#### [Aim of the task]
How many lines in the records below contain "have"? Answer with the number alone.

####

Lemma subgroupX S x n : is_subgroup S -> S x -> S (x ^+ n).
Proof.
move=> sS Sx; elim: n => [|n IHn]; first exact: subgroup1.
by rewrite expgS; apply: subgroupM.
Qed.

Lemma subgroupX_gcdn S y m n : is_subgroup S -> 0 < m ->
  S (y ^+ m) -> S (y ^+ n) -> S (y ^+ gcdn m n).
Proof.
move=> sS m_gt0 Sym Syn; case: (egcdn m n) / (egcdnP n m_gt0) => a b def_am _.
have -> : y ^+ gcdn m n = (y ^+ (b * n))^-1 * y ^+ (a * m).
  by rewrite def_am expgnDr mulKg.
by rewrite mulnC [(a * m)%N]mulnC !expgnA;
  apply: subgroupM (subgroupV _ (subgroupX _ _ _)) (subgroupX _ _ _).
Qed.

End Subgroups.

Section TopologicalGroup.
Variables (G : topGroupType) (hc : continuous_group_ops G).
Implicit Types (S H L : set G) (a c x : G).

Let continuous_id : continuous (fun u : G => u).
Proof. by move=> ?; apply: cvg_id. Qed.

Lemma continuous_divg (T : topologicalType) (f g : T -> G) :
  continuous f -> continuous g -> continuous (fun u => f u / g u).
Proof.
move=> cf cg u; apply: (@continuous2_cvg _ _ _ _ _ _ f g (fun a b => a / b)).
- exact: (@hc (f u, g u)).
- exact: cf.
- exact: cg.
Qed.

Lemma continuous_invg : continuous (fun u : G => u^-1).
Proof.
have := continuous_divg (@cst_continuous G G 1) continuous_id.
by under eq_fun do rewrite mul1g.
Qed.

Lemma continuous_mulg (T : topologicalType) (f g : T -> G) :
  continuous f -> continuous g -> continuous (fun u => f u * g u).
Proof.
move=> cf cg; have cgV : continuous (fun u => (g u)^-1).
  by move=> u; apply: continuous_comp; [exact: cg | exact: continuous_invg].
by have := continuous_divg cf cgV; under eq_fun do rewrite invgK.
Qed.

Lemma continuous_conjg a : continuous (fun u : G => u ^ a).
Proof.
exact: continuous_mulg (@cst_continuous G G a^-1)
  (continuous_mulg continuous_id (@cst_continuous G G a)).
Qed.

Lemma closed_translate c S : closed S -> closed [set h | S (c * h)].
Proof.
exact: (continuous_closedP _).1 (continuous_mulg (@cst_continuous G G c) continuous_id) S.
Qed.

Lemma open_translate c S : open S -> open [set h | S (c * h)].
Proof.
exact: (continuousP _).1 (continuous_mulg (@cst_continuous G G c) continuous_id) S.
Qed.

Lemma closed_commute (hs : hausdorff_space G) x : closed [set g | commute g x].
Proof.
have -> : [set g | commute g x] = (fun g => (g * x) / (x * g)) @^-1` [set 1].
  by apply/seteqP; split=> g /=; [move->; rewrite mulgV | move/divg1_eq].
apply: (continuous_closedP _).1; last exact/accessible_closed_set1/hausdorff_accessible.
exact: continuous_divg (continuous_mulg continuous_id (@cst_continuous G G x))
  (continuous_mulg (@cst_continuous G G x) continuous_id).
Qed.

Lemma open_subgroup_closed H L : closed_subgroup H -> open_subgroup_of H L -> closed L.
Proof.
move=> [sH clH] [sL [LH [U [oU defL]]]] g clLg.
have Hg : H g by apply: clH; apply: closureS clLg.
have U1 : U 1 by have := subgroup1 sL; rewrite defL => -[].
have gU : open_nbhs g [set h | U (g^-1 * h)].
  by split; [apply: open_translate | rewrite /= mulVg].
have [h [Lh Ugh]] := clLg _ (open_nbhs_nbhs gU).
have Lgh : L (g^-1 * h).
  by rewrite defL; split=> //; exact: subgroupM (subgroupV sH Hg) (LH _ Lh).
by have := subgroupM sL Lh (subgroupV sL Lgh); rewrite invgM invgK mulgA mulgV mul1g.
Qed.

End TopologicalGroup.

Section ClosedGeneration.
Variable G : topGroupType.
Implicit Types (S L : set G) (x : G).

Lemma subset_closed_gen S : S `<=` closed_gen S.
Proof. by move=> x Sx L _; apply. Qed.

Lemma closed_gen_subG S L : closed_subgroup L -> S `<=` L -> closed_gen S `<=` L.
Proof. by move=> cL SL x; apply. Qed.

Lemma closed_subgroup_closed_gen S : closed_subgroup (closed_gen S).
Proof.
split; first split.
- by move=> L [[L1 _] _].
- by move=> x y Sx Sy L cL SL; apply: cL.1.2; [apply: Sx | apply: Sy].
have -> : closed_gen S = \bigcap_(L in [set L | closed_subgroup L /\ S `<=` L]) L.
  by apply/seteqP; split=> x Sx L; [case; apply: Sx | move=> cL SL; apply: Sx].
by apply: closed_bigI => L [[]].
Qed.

####

#### [Reply]
12